L’unità di Malattie dell’Invecchiamento diretta da Simone Cenci ha recentemente svelato, per prima, il ruolo dell’autofagia nella produzione di anticorpi, e si interessa da tempo al ruolo dell’autofagia nelle plasmacellule malate, come le cellule tumorali del mieloma multiplo o quelle mutate che causano l’amiloidosi. «Bisogna immaginare che questi due meccanismi – il proteasoma e l’autofagia – collaborano all’interno delle cellule per mantenere l’equilibrio tra la sintesi di nuove proteine e la degradazione di quelle vecchie», spiega Simone Cenci. «Le plasmacellule hanno un carico di lavoro particolarmente gravoso. In presenza di malattie che alterano l’attività cellulare, come il mieloma multiplo o l’amiloidosi, l’equilibrio si rompe e il sistema di smaltimento dei rifiuti si trova sotto stress».
L’eccessivo carico di lavoro è un tallone d’Achille per le cellule. Ma tramite farmaci specifici si può intralciare ulteriormente l’attività di questi due meccanismi di pulizia interna e portare le cellule malate al collasso. È la strategia dei farmaci inibitori del proteasoma, la cui efficacia anti-tumorale è stata scoperta proprio contro il mieloma multiplo, ma che funzionano anche in molti pazienti affetti da amiloidosi, circa 6 su 10.

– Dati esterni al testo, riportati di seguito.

(* If the face is born and dies in the same instant for F', then its
   lifespan for F has length at most 2d: with [u] the coface killing it for
   F', F s >= F' s - d >= F' u - d >= F u - 2d >= coface_end F s - 2d. *)
Lemma lifespan_itv_short (s : {set X}) : s != finset.set0 ->
  (lifespan F s !=set0)%classic -> ~ (lifespan F' s !=set0)%classic ->
  itv_short d (lifespan_itv F s).
Proof.
move=> s0 ne ne'; rewrite lifespan_itv_eq // /itv_short /=.
move: ne ne'; rewrite !lifespan_eq // /coface_end.
case: (fminP _ F) => [none | u su min_u]; case: (fminP _ F') => [none' | v sv _].
- by move=> _ []; exists (F' s); split.
- by have := none v; rewrite sv.
- by have := none' u; rewrite su.
move=> [t [Fs_t t_Fu]] dead'.
have Fv_Fs : F' v <= F' s.
  by rewrite leNgt; apply/negP => lt; apply: dead'; exists (F' s); split.
have Fs_Fu : F s < F u := le_lt_trans Fs_t t_Fu.
rewrite /= ger0_norm ?subr_ge0 ?(ltW Fs_Fu) //.
have := min_u v sv; rewrite inE in sv.
have := close s0; have := close (proper_neq0 sv); rewrite !ler_norml; lra.
Qed.

End LifespanMatching.

Lemma lifespan_ms_matching (R : realType) (X : finType) (F F' : {set X} -> R)
    (d : R) :
  (forall s, s != finset.set0 -> `|F s - F' s| <= d) ->
  forall s, s != finset.set0 -> nat_matching d (lifespan_ms F s) (lifespan_ms F' s).
Proof.
move=> close s s0.
have close' u : u != finset.set0 -> `|F' u - F u| <= d.
  by rewrite distrC; apply: close.
rewrite /lifespan_ms; case: pselect => ne; case: pselect => ne'.
- exists (fun _ => Some 0%N); split => //= [i k|i j k|k].
  + by rewrite ltnS leqn0 => /eqP -> [<-]; split => //; exact: lifespan_itv_close.
  + by rewrite !ltnS !leqn0 => /eqP -> /eqP ->.
  + by rewrite ltnS leqn0 => /eqP -> /(_ 0%N erefl).
- exists (fun _ => None); split => //= i; rewrite ltnS leqn0 => /eqP -> _.
  exact: (lifespan_itv_short close s0 ne ne').
- exists (fun _ => None); split => //= k; rewrite ltnS leqn0 => /eqP -> _.
  exact: (lifespan_itv_short close' s0 ne' ne).
- by exists (fun _ => None); split.
Qed.
(* Let $\Gamma_\mu:\mathbb{R}^N_+\to\mathbb{R}^N_+$ be the operator induced by $\Gamma\in(\mathcal{K}_\infty\cup\{0\})^{N\times N}$ and monotone aggregation functions $\mu_1,\dots,\mu_N$, satisfying the small gain condition $\Gamma_\mu(s)\not\ge s$ for all $s\in\mathbb{R}^N_+\setminus\{0\}$, and assume $\Gamma$ has no zero row, i.e. $\Gamma_\mu(e)_i\neq0$ for all $i$. Let $\kappa_0>0$, $\kappa_\Gamma>\kappa_h>0$, let $\phi$ be as in the context and let $c\in\mathbb{R}^N$ with $c\gg0$ and $\|c\|<\kappa_\Gamma/2$. Then there exists $\delta>0$ such that: for every $(N+1)$-simplex $\langle y^1,\dots,y^{N+2}\rangle$ of $\tilde K_1(\delta)$ (so $y^{N+2}=y^1+(\delta,\dots,\delta,1)^\top$), writing $y^j=(v^j,t_j)$, if $v^j\in\mathbb{R}^N_+$ and $\kappa_\Gamma/2\le\|v^j\|<\kappa_\Gamma+\kappa_0$ for $j=1,\dots,N+1$ and $\kappa_\Gamma+\kappa_0\le\|v^{N+2}\|\le\kappa_\Gamma+\kappa_0+\delta$, then the facet $\tau=\langle y^1,\dots,y^{N+1}\rangle$ is not complete. Moreover $\delta$ can be chosen so that in addition $\delta\sqrt N<(\kappa_\Gamma-\kappa_h)/2$, whence every point of $\mathbb{R}^N_+$ at distance less than $\delta\sqrt N$ from a fixed point of $\phi$ has norm less than $\kappa_\Gamma/2$.
   Context: Order on $\mathbb{R}^N$: $v\ge w$ iff $v_i\ge w_i$ for all $i$; $v>w$ iff $v\ge w$, $v\ne w$; $v\gg w$ iff $v_i>w_i$ for all $i$. $\|\cdot\|$ Euclidean norm, $e=(1,\dots,1)^\top$. $\mathcal{K}_\infty$: continuous, strictly increasing, unbounded $\gamma:\mathbb{R}_+\to\mathbb{R}_+$ with $\gamma(0)=0$; $0$ denotes the zero function. A monotone aggregation function is a continuous $\mu_i:\mathbb{R}^N_+\to\mathbb{R}_+$ with $\mu_i(s)=0$ iff $s=0$, $\mu_i(s)<\mu_i(t)$ whenever $s\ll t$, and $\mu_i(s)\to\infty$ as $\|s\|\to\infty$. The induced operator is $\Gamma_\mu(s)_i=\mu_i(\gamma_{i1}(s_1),\dots,\gamma_{iN}(s_N))$. Given $\kappa_0>0$, $\kappa_\Gamma>\kappa_h>0$, $\phi(v)=\Gamma_\mu(v)\big(1+\min\{0,\frac{\kappa_\Gamma-2\|v\|}{\|v\|+\kappa_0}\}\big)+\max\{0,\kappa_h-2\|v\|\}e$ for $v\in\mathbb{R}^N_+$. Triangulation $\tilde K_1(\delta)$: with $P=\mathrm{diag}(\delta,\dots,\delta,1)$, its $(N+1)$-simplices are $\langle y^1,\dots,y^{N+2}\rangle$ with $y^1=(\delta z,0)$, $z\in\mathbb{Z}^N$, $y^{i+1}=y^i+Pe_{\pi(i)}$ for a permutation $\pi$ of $\{1,\dots,N+1\}$; all vertices lie in $\mathbb{R}^N\times\{0,1\}$ and are componentwise increasing. Its $N$-simplices are the facets of these. Homotopy $\vartheta(v,t)=(1-t)c+t\phi(v)$; labeling $l(v,t)=\vartheta(v,t)-v$. Labeling matrix $L(\tau)$ of $\tau=\langle y^1,\dots,y^{N+1}\rangle$: $(N+1)\times(N+1)$ with $j$-th column $(1,l(y^j)^\top)^\top$. $W\succ0$ (lexicographically positive) means the first nonzero entry of each row of $W$ is positive. $\tau$ is complete if $L(\tau)W=I_{N+1}$ has a solution $W\succ0$. *)

From Stdlib Require Import Reals.
From mathcomp Require Import all_boot all_fingroup.
Set Implicit Arguments.
Unset Strict Implicit.
Unset Printing Implicit Defensive.

Local Open Scope R_scope.

Definition vec (N : nat) := 'I_N -> R.

Definition sumR (n : nat) (f : 'I_n -> R) : R := \big[Rplus/0]_(i < n) f i.

Definition vnorm (N : nat) (v : vec N) : R := sqrt (sumR (fun i => v i * v i)).

Definition vsub (N : nat) (v w : vec N) : vec N := fun i => v i - w i.

Definition vzero (N : nat) : vec N := fun _ => 0.
Definition vones (N : nat) : vec N := fun _ => 1.

Definition vnonneg (N : nat) (v : vec N) : Prop := forall i, 0 <= v i.
Definition vge (N : nat) (v w : vec N) : Prop := forall i, w i <= v i.
Definition vgg (N : nat) (v w : vec N) : Prop := forall i, w i < v i.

Per capire meglio il perché del funzionamento parziale di questi farmaci, Simone Cenci e colleghi hanno sviluppato una preziosa collaborazione con il Centro per lo Studio e la Cura delle Amiloidosi Sistemiche della Fondazione IRCCS Policlinico San Matteo di Pavia, diretto dal professor Giampaolo Merlini, tra i massimi esperti al mondo di questa malattia. Grazie a questa collaborazione i ricercatori hanno prelevato le plasmacellule responsabili dell’amiloidosi dal midollo osseo di numerosi pazienti e le hanno studiate, per la prima volta, con tecnologie d’avanguardia come la microscopia elettronica, l’immunofluorescenza e altre analisi molecolari. Così facendo hanno scoperto che in queste cellule è in realtà l’autofagia il meccanismo di riciclo sottoposto a maggiore stress. Il profilo cellulare e molecolare di tale stress in queste cellule da un lato spiega il successo dei farmaci inibitori del proteasoma e dall’altro indica nuove strade per la messa a punto di strategie terapeutiche ancora più efficaci.
Non solo, ma per ottenere questi risultati i ricercatori del San Raffaele hanno creato in laboratorio il primo modello cellulare dell’amiloidosi da catene leggere, ingegnerizzando cellule perché producessero gli stessi anticorpi anomali e tossici prelevati dai pazienti. «Considerata la rarità della malattia, questo modello sperimentale, ora a disposizione di tutti i laboratori del mondo, renderà lo studio dell’amiloidosi più accessibile e diffuso», conclude Simone Cenci. «Ci permetterà di identificare nuovi punti deboli delle cellule responsabili della malattia e di testare nuovi farmaci».
«Non è un caso che questa scoperta sia il frutto di una collaborazione fra due Istituti di Ricovero e Cura a Carattere Scientifico (IRCCS), sede privilegiata per lo sviluppo della ricerca traslazionale», commenta Giampaolo Merlini. «Infatti questo studio, oltre a chiarire aspetti fondamentali del meccanismo di malattia, apre la via per lo sviluppo di nuovi farmaci e loro combinazioni, e avvicina il traguardo della cura della amiloidosi da catene leggere».
Lo studio è stato possibile grazie al sostegno dell’Associazione Italiana per la Ricerca sul Cancro, di Fondazione Cariplo, del Ministero della Salute, di International Myeloma Foundation e di Multiple Myeloma Research Foundation.